In the context of anti-bribery and corruption, the UK has its Bribery Act and France has Sapin II. Bribery and corruption enforcement actions reveal that third-parties are most often involved in these misdeeds. These laws aim to bolster transparency, fight corruption, and modernize economic activity in the UK and France. One of their major components is TPRM, especially concerning bribery risks. Key mandates include:

Organizations must implement a compliance program that includes a code of conduct, a whistleblowing mechanism, risk assessment methodologies, and third-party due diligence procedures.
Engage in continuous monitoring and regular updates of their compliance measures, especially when partnering with third parties.

3. UK Corporate Governance Code

Although the UK Corporate Governance Code primarily focuses on board leadership and company performance, it indirectly emphasizes the importance of TPRM. For instance:

Companies must foster relationships with shareholders and stakeholders, which includes understanding the risks they bring.
Regular engagement with the workforce (which could include third-party contractors) to determine their views and manage associated risks.
Under the most recent changes, the board has to issue resilience statements.

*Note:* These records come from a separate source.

Lemma acoef2_last_close (x : 'rV[R]_M) e : (forall i : 'I_M, `|acoef2 x i - 1| <= e) ->
  N%:R * `|acoef2 x M - 1|
    <= `|M%:R - \sum_(i < M) x 0 i ^+ 2| + (\sum_(i < M) x 0 i ^+ 2) * e.
Proof.
move=> x_close.
have tele : \sum_(i < M) x 0 i ^+ 2 * acoef2 x i + N%:R * acoef2 x M = M%:R + N%:R.
  have := acoef2_telescope x (leqnn M); rewrite natrD addrAC subrr add0r => <-.
  by congr (_ + _); apply: eq_bigl => i; rewrite ltn_ord.
have -> : N%:R * `|acoef2 x M - 1|
    = `|(M%:R - \sum_(i < M) x 0 i ^+ 2) + \sum_(i < M) x 0 i ^+ 2 * (1 - acoef2 x i)|.
  rewrite -[N%:R]ger0_norm // -normrM; congr `|_|.
  have -> : \sum_(i < M) x 0 i ^+ 2 * (1 - acoef2 x i)
      = \sum_(i < M) x 0 i ^+ 2 - \sum_(i < M) x 0 i ^+ 2 * acoef2 x i.
    by rewrite -sumrB; apply: eq_bigr => i _; ring.
  lra.
apply: le_trans (ler_normD _ _) _; rewrite lerD2l mulr_suml.
apply: le_trans (ler_norm_sum _ _ _) _; apply: ler_sum => i _.
by rewrite normrM ger0_norm ?sqr_ge0 // distrC ler_wpM2l ?sqr_ge0.
Qed.

End Coefficients.

Section Rows.
Variable R : realType.

Lemma sqrt_bounds_mul_close (d c c' : R) : 0 <= d <= 1 ->
  Num.sqrt (1 - d) <= c <= Num.sqrt (1 + d) ->
  Num.sqrt (1 - d) <= c' <= Num.sqrt (1 + d) ->
  `|c * c' - 1| <= d.
Proof.
move=> /andP[d_ge0 d_le1] /andP[c_ge c_le] /andP[c'_ge c'_le].
have sqrt_ge0 := sqrtr_ge0 (1 - d).
have c_ge0 : 0 <= c by apply: le_trans c_ge.
have c'_ge0 : 0 <= c' by apply: le_trans c'_ge.
have lower : (1 - d) <= c * c'.
  by rewrite -[1 - d]sqr_sqrtr ?subr_ge0 // expr2 ler_pM.
have upper : c * c' <= 1 + d.
  rewrite -[1 + d]sqr_sqrtr; last lra.
  by rewrite expr2 ler_pM.
rewrite ler_norml; apply/andP; split; lra.
Qed.

Lemma overlapE n K (X : 'M[R]_(n, K)) j j' :
  overlap X X j j' = K%:R^-1 * \sum_(k < K) X j k * X j' k.
Proof. by rewrite /overlap !mxE; congr (_ * _); apply: eq_bigr => k _; rewrite !mxE. Qed.

Lemma on_sphereE n K (X : 'M[R]_(n, K)) j :
  on_sphere (row j X) <-> \sum_(k < K) X j k * X j k = K%:R.
Proof.
rewrite /on_sphere (eq_bigr (fun k => X j k * X j k)) //.
by move=> k _; rewrite mxE expr2.
Qed.

Lemma sum_normM_row_le n K (X : 'M[R]_(n, K)) j j' :
  on_sphere (row j X) -> on_sphere (row j' X) ->
  \sum_(k < K) `|X j k * X j' k| <= K%:R.
Proof.
move=> /on_sphereE X_j /on_sphereE X_j'.
apply: le_trans (sum_normM_le (X j) (X j')) _.
rewrite (eq_bigr _ (fun k _ => expr2 (X j k))) (eq_bigr _ (fun k _ => expr2 (X j' k))).
by rewrite X_j X_j'; lra.
Qed.

End Rows.

Section PsiEntries.
Variables (R : realType) (n N M : nat) (s : 'M[R]_(n, N)) (w : 'M[R]_(n, M)).

Lemma Psi_lshift j i : Psi s w j (lshift M i) = a_coef N M.+1 (row j w) * s j i.
Proof. by rewrite /Psi mxE /psi row_mxEl !mxE. Qed.

Lemma Psi_rshift j l : Psi s w j (rshift N l) = w j l * a_coef N l.+1 (row j w).
Proof. by rewrite /Psi mxE /psi row_mxEr !mxE. Qed.

Lemma Psi_dot j j' :
  \sum_(k < N + M) Psi s w j k * Psi s w j' k =
  a_coef N M.+1 (row j w) * a_coef N M.+1 (row j' w) * \sum_(i < N) s j i * s j' i
  + \sum_(l < M) (w j l * a_coef N l.+1 (row j w)) * (w j' l * a_coef N l.+1 (row j' w)).
Proof.
rewrite big_split_ord /=; congr (_ + _).
  by rewrite mulr_sumr; apply: eq_bigr => i _; rewrite !Psi_lshift; ring.
by apply: eq_bigr => l _; rewrite !Psi_rshift.
Qed.

Lemma Psi_row_on_sphere j : (0 < N)%N -> Psi_defined N w ->
  on_sphere (row j s) -> on_sphere (row j (Psi s w)).
Proof.
move=> N_gt0 w_def /on_sphereE s_j; apply/on_sphereE; rewrite Psi_dot s_j.
have row_def : forall i, 0 <= a_arg N (row j w) i by move=> i; apply: w_def.
rewrite -expr2 a_coef_sqr // [(N + M)%N]addnC -(acoef2_telescope N_gt0 (row j w) (leqnn M)).
rewrite natrD addrAC subrr add0r addrC; congr (_ + _); last by rewrite mulrC.
apply: eq_big => [l|l _]; first by rewrite ltn_ord.
by rewrite -a_coef_sqr // mxE; ring.
Qed.

End PsiEntries.

Section PsiOverlap.
Variables (R : realType) (n N M : nat).
Hypotheses (N_gt0 : (0 < N)%N) (M_gt0 : (0 < M)%N).
Variables (Q : 'M[R]_n) (eps d : R) (s : 'M[R]_(n, N)) (w tau : 'M[R]_(n, M)).
Variable c : 'I_n -> R.
Hypotheses (d_bounds : 0 <= d <= 1) (tol_le1 : acoef2_tol R M N <= 1).
Hypotheses (w_def : Psi_defined N w) (s_in : Qset eps Q s) (tau_in : Qset (eps / 2) Q tau).
Hypotheses (c_bounds : forall j, Num.sqrt (1 - d) <= c j <= Num.sqrt (1 + d))
  (w_eq : forall j i, w j i = c j * tau j i).

Local Notation e := (acoef2_tol R M N).

Lemma row_w_sum_sqr j : \sum_(i < M) row j w 0 i ^+ 2 = c j ^+ 2 * M%:R.
Proof.
have /on_sphereE tau_j := tau_in.1 j.
rewrite -tau_j mulr_sumr; apply: eq_bigr => i _; rewrite mxE w_eq; ring.
Qed.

An organization cannot be resilient without looking at the extended enterprise of third-party relationships.

Challenges in Implementing TPRM in the EU & UK

While the importance of TPRM is undeniable, its implementation is fraught with challenges:

Complex Supply Chains: Especially for multinational corporations, supply chains can span continents. Each link adds potential risk factors.
Diverse Regulatory Frameworks: As illustrated above, different countries have different regulations, making a standardized TPRM approach difficult.
Cultural Differences: What's acceptable in one country or region might be taboo in another. Navigating these nuances is essential for effective TPRM.

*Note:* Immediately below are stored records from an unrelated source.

(* Let $R$ be a left (respectively right) Noetherian domain and let $A$ be a bijective skew PBW extension of $R$. Then $A$ is a left (respectively right) Ore domain; hence the left (respectively right) division ring of fractions of $A$ exists.
   Context: Rings are associative with identity. Skew PBW extension. Let $R$ and $A$ be rings. $A$ is a skew PBW extension of $R$, written $A=\sigma(R)\langle x_1,\dots,x_n\rangle$, if the following hold. (i) $R\subseteq A$. (ii) There are $x_1,\dots,x_n\in A$ such that $A$ is a free left $R$-module with basis $\{x_1^{\alpha_1}\cdots x_n^{\alpha_n}:\alpha\in\mathbb N^n\}$. (iii) For each $i$ and each $r\in R\setminus\{0\}$ there is $c_{i,r}\in R\setminus\{0\}$ with $x_ir-c_{i,r}x_i\in R$. (iv) For all $i,j$ there is $c_{i,j}\in R\setminus\{0\}$ with $x_jx_i-c_{i,j}x_ix_j\in R+Rx_1+\dots+Rx_n$. There are injective endomorphisms $\sigma_i$ of $R$ and $\sigma_i$-derivations $\delta_i$ with $x_ir=\sigma_i(r)x_i+\delta_i(r)$ for all $r\in R$. $A$ is bijective if all $\sigma_i$ are bijective and all $c_{i,j}$ ($i<j$) are invertible. A domain $D$ is a left Ore domain if for all $a,b\in D$ with $b\neq 0$ there exist $p\neq 0$ and $q$ in $D$ with $pa=qb$. Right Ore domains are defined symmetrically. *)

From HB Require Import structures.
From mathcomp Require Import all_boot all_order all_algebra.
Set Implicit Arguments. Unset Strict Implicit. Unset Printing Implicit Defensive.
Import GRing.Theory.
Local Open Scope ring_scope.

Definition is_domain (D : nzRingType) : Prop :=
  forall a b : D, a * b = 0 -> a = 0 \/ b = 0.

Definition invertible (D : nzRingType) (c : D) : Prop :=
  exists u : D, c * u = 1 /\ u * c = 1.

Definition left_ideal (D : nzRingType) (I : D -> Prop) : Prop :=
  I 0 /\ (forall a b, I a -> I b -> I (a + b)) /\ (forall r a, I a -> I (r * a)).
Definition right_ideal (D : nzRingType) (I : D -> Prop) : Prop :=
  I 0 /\ (forall a b, I a -> I b -> I (a + b)) /\ (forall r a, I a -> I (a * r)).

Definition left_noetherian (D : nzRingType) : Prop :=
  forall I : nat -> D -> Prop,
    (forall k, left_ideal (I k)) ->
    (forall k a, I k a -> I k.+1 a) ->
    exists N, forall m, (N <= m)%N -> forall a, I m a <-> I N a.
Definition right_noetherian (D : nzRingType) : Prop :=
  forall I : nat -> D -> Prop,
    (forall k, right_ideal (I k)) ->
    (forall k a, I k a -> I k.+1 a) ->
    exists N, forall m, (N <= m)%N -> forall a, I m a <-> I N a.

Definition left_ore_domain (D : nzRingType) : Prop :=
  is_domain D /\
  forall a b : D, b <> 0 -> exists p q : D, p <> 0 /\ p * a = q * b.
Definition right_ore_domain (D : nzRingType) : Prop :=
  is_domain D /\
  forall a b : D, b <> 0 -> exists p q : D, p <> 0 /\ a * p = b * q.

Definition monomial (A : nzRingType) (n : nat) (x : 'I_n -> A)
    (alpha : {ffun 'I_n -> nat}) : A :=
  \prod_(i < n) x i ^+ alpha i.

(* Skew PBW extension A = sigma(R)<x_1,...,x_n>, the inclusion R ⊆ A being
   the injective ring morphism iota. *)
Definition skew_PBW (R A : nzRingType) (iota : {rmorphism R -> A}) (n : nat)
    (x : 'I_n -> A) : Prop :=
  injective iota /\
  (forall a : A, exists (s : seq {ffun 'I_n -> nat}) (c : {ffun 'I_n -> nat} -> R),
      uniq s /\ a = \sum_(alpha <- s) iota (c alpha) * monomial x alpha) /\
  (forall (s : seq {ffun 'I_n -> nat}) (c : {ffun 'I_n -> nat} -> R),
      uniq s -> \sum_(alpha <- s) iota (c alpha) * monomial x alpha = 0 ->
      forall alpha, alpha \in s -> c alpha = 0) /\
  (forall (i : 'I_n) (r : R), r <> 0 ->
      exists c d : R, c <> 0 /\ x i * iota r - iota c * x i = iota d) /\
  (forall i j : 'I_n,
      exists (c d0 : R) (d : 'I_n -> R), c <> 0 /\
        x j * x i - iota c * x i * x j = iota d0 + \sum_(k < n) iota (d k) * x k).

(* Bijective skew PBW extension: the endomorphisms sigma_i (with
   x_i r = sigma_i(r) x_i + delta_i(r)) are bijective, and the constants
   c_{i,j} (i < j) of (iv) are invertible.  sigma_i, delta_i and c_{i,j} are
   uniquely determined by freeness, so they are quantified existentially. *)
Definition bijective_skew_PBW (R A : nzRingType) (iota : {rmorphism R -> A})
    (n : nat) (x : 'I_n -> A) : Prop :=
  skew_PBW iota x /\
  (exists sigma delta : 'I_n -> R -> R,
      (forall i r, x i * iota r = iota (sigma i r) * x i + iota (delta i r)) /\
      (forall i, bijective (sigma i))) /\
  (forall i j : 'I_n, (i < j)%N ->
      exists (c d0 : R) (d : 'I_n -> R), invertible c /\
        x j * x i - iota c * x i * x j = iota d0 + \sum_(k < n) iota (d k) * x k).

From HB Require Import structures.
From mathcomp Require Import all_boot all_order all_algebra.
From mathcomp Require Import zify.
From Stdlib Require Import ClassicalEpsilon.
Set Implicit Arguments. Unset Strict Implicit. Unset Printing Implicit Defensive.
Import GRing.Theory.

(* Order the standard monomials x^g degree-lexicographically.  Because every
   c_(i,j) is nonzero and every sigma_i injective, x^g (r x^h) has leading term
   t x^(g+h) with t <> 0 whenever r <> 0; comparing leading terms shows that A
   is a domain.  A left Noetherian domain R is left Ore (the left ideals
   R b + ... + R b a^k stabilise), and the Ore condition lifts to A by counting:
   the monomials of degree <= m grow polynomially in m, so for a suitable m the
   2N products x^g a, x^g b (deg g <= m) lie in the R-span of fewer than 2N
   monomials; a nontrivial left dependence over R gives p a = q b with p <> 0.
   The right-handed statement is the left one for R^c in A^c, which is again a
   skew PBW extension in the variables x_n, ..., x_1: bijectivity of the
   sigma_i is what makes the monomials a basis of A as a right R-module. *)

(** * Exponent vectors and the degree-lexicographic order *)

Section Exponents.
Variable n : nat.
Local Notation mono := {ffun 'I_n -> nat}.
Implicit Types (g h f : mono).

Definition madd g h : mono := [ffun k => (g k + h k)%N].
Definition m0 : mono := [ffun => 0%N].
Definition mvar (i : 'I_n) : mono := [ffun k => nat_of_bool (k == i)].
Definition mdeg g : nat := (\sum_(k < n) g k)%N.

Definition lexlt g h : bool :=
  [exists i : 'I_n, (g i < h i)%N && [forall k : 'I_n, (k < i)%N ==> (g k == h k)]].
Definition ltm g h : bool :=
  (mdeg g < mdeg h)%N || ((mdeg g == mdeg h) && lexlt g h).
Definition lem g h : bool := (g == h) || ltm g h.

Lemma maddC g h : madd g h = madd h g.
Proof. by apply/ffunP=> k; rewrite !ffunE addnC. Qed.
Lemma maddA g h f : madd g (madd h f) = madd (madd g h) f.
Proof. by apply/ffunP=> k; rewrite !ffunE addnA. Qed.
Lemma madd0m g : madd m0 g = g.
Proof. by apply/ffunP=> k; rewrite !ffunE. Qed.
Lemma maddm0 g : madd g m0 = g.
Proof. by apply/ffunP=> k; rewrite !ffunE addn0. Qed.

Mitigating Third-Party Risks: A Way Forward

For businesses operating in the EU and UK, here are some steps to ensure an effective TPRM:

Due Diligence: Always vet third parties before engagement. Understand their business operations, financial health, reputation, and any potential red flags.
Continuous Monitoring: Risk management is not a one-off task. Regularly monitor third parties for potential risks and ensure they remain compliant with evolving regulations.
Clear Contracts: Ensure that all contracts with third parties have clauses that allow for regular audits, adherence to regional regulations, and stipulate repercussions in case of breaches.
Training and Awareness: Ensure that employees at all levels understand the importance of TPRM. Regular training sessions can keep them updated about the latest best practices and regulatory requirements.
Leverage Technology: Use advanced TPRM solutions that can automate due diligence, monitor risks in real-time, and provide actionable insights.

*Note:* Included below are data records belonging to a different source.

(* Near [p = (1, 0, 0, w)] the decisive coordinate is [u2].  Along a solution
   [(ln u2)' = b2 (1 - u2 - a2 u1 - d2 u4)] and [u4' = b4 (i - u4 - d4 u4 u2)], so the weight
   [phi = - (b2 d2 / b4) u4 + b2 d2 (int_0^t i - t)] gives
   [(ln u2 + phi)' = b2 (1 - a2 - d2) + O (|x - p|)].  The input only enters [phi] through
   [int_0^t (i - 1)], which is periodic since [i] has mean 1, hence bounded, and so is [u4].
   Thus [u2^2 exp (2 phi)] decays exponentially when [a2 + d2 > 1] and grows exponentially when
   [a2 + d2 < 1], at rates independent of the initial time.  In the first case [u3], [u1 - 1] and
   [u4 - w] obey linear differential inequalities forced by [u2^2] and decay too, and a continuity
   argument keeps the solution in the neighbourhood where these estimates hold.  Solutions near [p]
   exist because [F] agrees there with a globally Lipschitz, bounded field, to which Picard
   iteration applies. *)

From Pilot Require Import Defs.
From Stdlib Require Import Reals List Lra Psatz Classical_Prop.
From Coquelicot Require Import Coquelicot.
Open Scope R_scope.
(* Coquelicot also exports a [c1]; the state projections must take precedence. *)
Import Defs.

Lemma ball_R (x y e : R) : ball x e y <-> Rabs (y - x) < e.
Proof. unfold ball; simpl; unfold AbsRing_ball, abs, minus, plus, opp; simpl. tauto. Qed.

(** * Limits and differential inequalities *)

Section Limits.
Context {T : Type} {F : (T -> Prop) -> Prop} {FF : Filter F}.

Lemma lim_plus (f g : T -> R) a b :
  filterlim f F (locally a) -> filterlim g F (locally b) ->
  filterlim (fun s => f s + g s) F (locally (a + b)).
Proof.
  intros Hf Hg. eapply filterlim_comp_2; [exact Hf|exact Hg|].
  exact (@filterlim_plus R_AbsRing R_NormedModule a b).
Qed.

Lemma lim_mult (f g : T -> R) a b :
  filterlim f F (locally a) -> filterlim g F (locally b) ->
  filterlim (fun s => f s * g s) F (locally (a * b)).
Proof.
  intros Hf Hg. eapply filterlim_comp_2; [exact Hf|exact Hg|].
  exact (@filterlim_mult R_AbsRing a b).
Qed.

Lemma lim_comp (f : T -> R) (h : R -> R) a :
  filterlim f F (locally a) -> continuous h a ->
  filterlim (fun s => h (f s)) F (locally (h a)).
Proof. intros Hf Hh. eapply filterlim_comp; eauto. Qed.

Lemma lim_minus (f g : T -> R) a b :
  filterlim f F (locally a) -> filterlim g F (locally b) ->
  filterlim (fun s => f s - g s) F (locally (a - b)).
Proof.
  intros Hf Hg. apply lim_plus; auto. apply (lim_comp g Ropp b Hg).
  exact (@filterlim_opp R_AbsRing R_NormedModule b).
Qed.

Lemma lim_Rabs (f : T -> R) a :
  filterlim f F (locally a) -> filterlim (fun s => Rabs (f s)) F (locally (Rabs a)).
Proof. intros Hf. apply (lim_comp f Rabs); auto. apply continuous_Rabs. Qed.

Lemma Rmax_eq_abs x y : Rmax x y = (x + y + Rabs (x - y)) / 2.
Proof. unfold Rmax, Rabs. destruct (Rle_dec x y); destruct (Rcase_abs (x - y)); lra. Qed.

Lemma lim_Rmax (f g : T -> R) a b :
  filterlim f F (locally a) -> filterlim g F (locally b) ->
  filterlim (fun s => Rmax (f s) (g s)) F (locally (Rmax a b)).
Proof.
  intros Hf Hg. rewrite Rmax_eq_abs.
  apply (filterlim_ext (fun s => (f s + g s + Rabs (f s - g s)) * / 2)).
  { intros; rewrite Rmax_eq_abs; reflexivity. }
  apply lim_mult; [|apply filterlim_const].
  apply lim_plus; [apply lim_plus; auto|]. apply lim_Rabs, lim_minus; auto.
Qed.
End Limits.

Definition right_cont (f : R -> R) (t0 : R) := filterlim f (at_right t0) (locally (f t0)).

Lemma right_cont_of_continuous f t : continuous f t -> right_cont f t.
Proof. intros H. eapply filterlim_filter_le_1; [apply filter_le_within|exact H]. Qed.

Lemma right_cont_eps f t0 : right_cont f t0 -> forall eps, 0 < eps -> exists d, 0 < d /\
  forall y, t0 < y < t0 + d -> Rabs (f y - f t0) < eps.
Proof.
  intros H eps Heps. destruct (proj1 (filterlim_locally _ _) H (mkposreal eps Heps)) as [d Hd].
  exists d; split; [apply cond_pos|]. intros y Hy. apply ball_R. apply Hd; [|lra].
  apply ball_R. rewrite Rabs_right; lra.
Qed.

Lemma continuous_eps f t : continuous f t -> forall eps, 0 < eps -> exists d, 0 < d /\
  forall y, Rabs (y - t) < d -> Rabs (f y - f t) < eps.
Proof.
  intros H eps Heps. destruct (proj1 (filterlim_locally _ _) H (mkposreal eps Heps)) as [d Hd].
  exists d; split; [apply cond_pos|]. intros y Hy. apply ball_R, Hd, ball_R, Hy.
Qed.

Lemma right_cont_of_eps f t0 : (forall eps, 0 < eps -> exists d, 0 < d /\
  forall y, t0 < y < t0 + d -> Rabs (f y - f t0) < eps) -> right_cont f t0.
Proof.
  intros H. apply filterlim_locally. intros [eps Heps].
  destruct (H eps Heps) as [d [Hd Hdd]]. exists (mkposreal d Hd). intros y Hy Hy2.
  pose proof (proj1 (ball_R t0 y d) Hy) as Hy3. apply ball_R, Hdd.
  apply Rabs_lt_between in Hy3. lra.
Qed.

Lemma continuous_of_eps f t : (forall eps, 0 < eps -> exists d, 0 < d /\
  forall y, Rabs (y - t) < d -> Rabs (f y - f t) < eps) -> continuous f t.
Proof.
  intros H. apply filterlim_locally. intros [eps Heps].
  destruct (H eps Heps) as [d [Hd Hdd]]. exists (mkposreal d Hd). intros y Hy.
  apply ball_R in Hy. apply ball_R, Hdd, Hy.
Qed.

Lemma continuous_of_lipschitz f k : 0 <= k -> (forall y z, Rabs (f y - f z) <= k * Rabs (y - z)) ->
  forall t, continuous f t.
Proof.
  intros Hk Hf t. apply continuous_of_eps. intros eps Heps.
  exists (eps / (k + 1)). split; [apply Rdiv_lt_0_compat; lra|]. intros y Hy.
  eapply Rle_lt_trans; [apply Hf|].
  assert (k * Rabs (y - t) <= k * (eps / (k + 1))) by (apply Rmult_le_compat_l; lra).
  assert (k * (eps / (k + 1)) < eps).
  { apply (Rmult_lt_reg_r (k + 1)); [lra|].
    replace (k * (eps / (k + 1)) * (k + 1)) with (k * eps) by (field; lra). nra. }
  lra.
Qed.

Lemma is_derive_eq (f : R -> R) (x l1 l2 : R) : is_derive f x l1 -> l1 = l2 -> is_derive f x l2.
Proof. intros H ->; exact H. Qed.

Lemma is_derive_Rmult (f g : R -> R) (x df dg : R) : is_derive f x df -> is_derive g x dg ->
  is_derive (fun s => f s * g s) x (df * g x + f x * dg).
Proof. intros Hf Hg. apply (is_derive_mult f g x df dg Hf Hg). intros; apply Rmult_comm. Qed.

Lemma is_derive_sqr (f : R -> R) (x df : R) : is_derive f x df ->
  is_derive (fun s => f s * f s) x (2 * f x * df).
Proof. intros Hf. eapply is_derive_eq; [apply (is_derive_Rmult f f x df df Hf Hf)|ring]. Qed.

Lemma is_derive_exp_comp (f : R -> R) (x df : R) : is_derive f x df ->
  is_derive (fun s => exp (f s)) x (df * exp (f x)).
Proof. intros Hf. exact (is_derive_comp exp f x _ _ (is_derive_exp (f x)) Hf). Qed.

Lemma is_derive_exp_shift a t0 s : is_derive (fun s => exp (a * (s - t0))) s (a * exp (a * (s - t0))).
Proof. auto_derive; auto. unfold Rminus; ring. Qed.

Lemma continuous_exp_shift a t0 s : continuous (fun s => exp (a * (s - t0))) s.
Proof. apply (@ex_derive_continuous R_AbsRing R_NormedModule). eexists; apply is_derive_exp_shift. Qed.

Lemma exp_le_compat x y : x <= y -> exp x <= exp y.
Proof. intros [H|H]; [left; apply exp_increasing; auto|subst; lra]. Qed.

Lemma exp_le_1 x : x <= 0 -> exp x <= 1.
Proof. intros H. rewrite <- exp_0. apply exp_le_compat, H. Qed.

Lemma nonincreasing_of_derive_nonpos (f df : R -> R) t0 t : t0 <= t ->
  (forall s, t0 < s <= t -> is_derive f s (df s)) ->
  (forall s, t0 < s < t -> df s <= 0) -> right_cont f t0 -> f t <= f t0.
Proof.
  intros Ht Hder Hn Hrc. destruct (Req_dec t0 t) as [->|Hne]; [lra|].
  apply Rnot_lt_le; intro Hlt.
  destruct (right_cont_eps f t0 Hrc (f t - f t0) ltac:(lra)) as [d [Hd0 Hd]].
  set (s := Rmin (t0 + d/2) ((t0 + t)/2)).
  assert (Hs1 : t0 < s) by (unfold s; apply Rmin_case; lra).
  assert (Hs2 : s < t) by (unfold s; apply Rmin_case_strong; intros; lra).
  assert (Hs3 : s < t0 + d) by (unfold s; apply Rmin_case_strong; intros; lra).
  specialize (Hd s ltac:(lra)).
  destruct (MVT_cor2 f df s t Hs2) as [c [Hc1 Hc2]].
  { intros c Hc. apply is_derive_Reals, Hder. lra. }
  assert (df c * (t - s) <= 0) by (apply Rmult_le_0_r; [apply Hn|]; lra).
  apply Rabs_lt_between in Hd. lra.
Qed.

Lemma eq_of_derive_zero (f : R -> R) t0 t : t0 <= t ->
  (forall s, t0 < s <= t -> is_derive f s 0) -> right_cont f t0 -> f t = f t0.
Proof.
  intros Ht Hd Hrc.
  assert (f t <= f t0) by (apply (nonincreasing_of_derive_nonpos f (fun _ => 0) t0 t); auto; intros; lra).
  assert (- f t <= - f t0).
  { apply (nonincreasing_of_derive_nonpos (fun s => - f s) (fun _ => - 0) t0 t); auto.
    - intros s Hs. apply (is_derive_opp f), Hd, Hs.
    - intros; lra.
    - apply (lim_comp f Ropp _ Hrc). exact (@filterlim_opp R_AbsRing R_NormedModule _). }
  lra.
Qed.

(* Multiplying by the integrating factor [exp (a (s - t0))] reduces this to monotonicity. *)
Lemma exp_decay_of_derive_le (W dW : R -> R) a t0 t : t0 <= t ->
  (forall s, t0 < s <= t -> is_derive W s (dW s)) ->
  (forall s, t0 < s < t -> dW s <= - a * W s) ->
  right_cont W t0 -> W t <= W t0 * exp (- a * (t - t0)).
Proof.
  intros Ht Hd Hn Hrc.
  pose (U := fun s => W s * exp (a * (s - t0))).
  assert (HU : U t <= U t0).
  { apply (nonincreasing_of_derive_nonpos U
      (fun s => dW s * exp (a * (s - t0)) + W s * (a * exp (a * (s - t0)))) t0 t Ht).
    - intros s Hs. apply (is_derive_Rmult W (fun s => exp (a * (s - t0)))); [auto|apply is_derive_exp_shift].
    - intros s Hs. specialize (Hn s Hs). pose proof (exp_pos (a * (s - t0))).
      assert (dW s + a * W s <= 0) by lra. nra.
    - apply lim_mult; [exact Hrc|].
      apply (right_cont_of_continuous (fun s => exp (a * (s - t0)))), continuous_exp_shift. }
  unfold U in HU. replace (t0 - t0) with 0 in HU by ring. rewrite Rmult_0_r, exp_0, Rmult_1_r in HU.
  replace (W t) with (W t * exp (a * (t - t0)) * exp (- a * (t - t0))).
  2:{ rewrite Rmult_assoc, <- exp_plus. replace (a * (t - t0) + - a * (t - t0)) with 0 by ring.
      rewrite exp_0; ring. }
  apply Rmult_le_compat_r; [left; apply exp_pos|exact HU].
Qed.

Lemma exp_growth_of_derive_ge (Z dZ : R -> R) a t0 t : t0 <= t ->
  (forall s, t0 < s <= t -> is_derive Z s (dZ s)) ->
  (forall s, t0 < s < t -> a * Z s <= dZ s) ->
  right_cont Z t0 -> Z t0 * exp (a * (t - t0)) <= Z t.
Proof.
  intros Ht Hd Hn Hrc.
  assert (H : - Z t <= - Z t0 * exp (- - a * (t - t0))).
  { apply (exp_decay_of_derive_le (fun s => - Z s) (fun s => - dZ s) (- a) t0 t Ht).
    - intros; apply (is_derive_opp Z); auto.
    - intros s Hs; specialize (Hn s Hs); lra.
    - apply (lim_comp Z Ropp _ Hrc). exact (@filterlim_opp R_AbsRing R_NormedModule _). }
  replace (- - a) with a in H by ring. lra.
Qed.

The EU and UK, with their progressive stances on business transparency, human rights, and environmental protection, provide both opportunities and challenges for businesses. While the regulatory landscape may seem daunting, with a robust third-party risk management strategy, businesses can not only comply with regional mandates but also foster trust and build stronger, more resilient relationships with their partners. A haphazard department and document-centric approach for TPRM compounds the problem and does not solve it. Organizations need to address third-party risk with an integrated strategy, process, and technology to manage third-party relationships with real-time information and risk intelligence.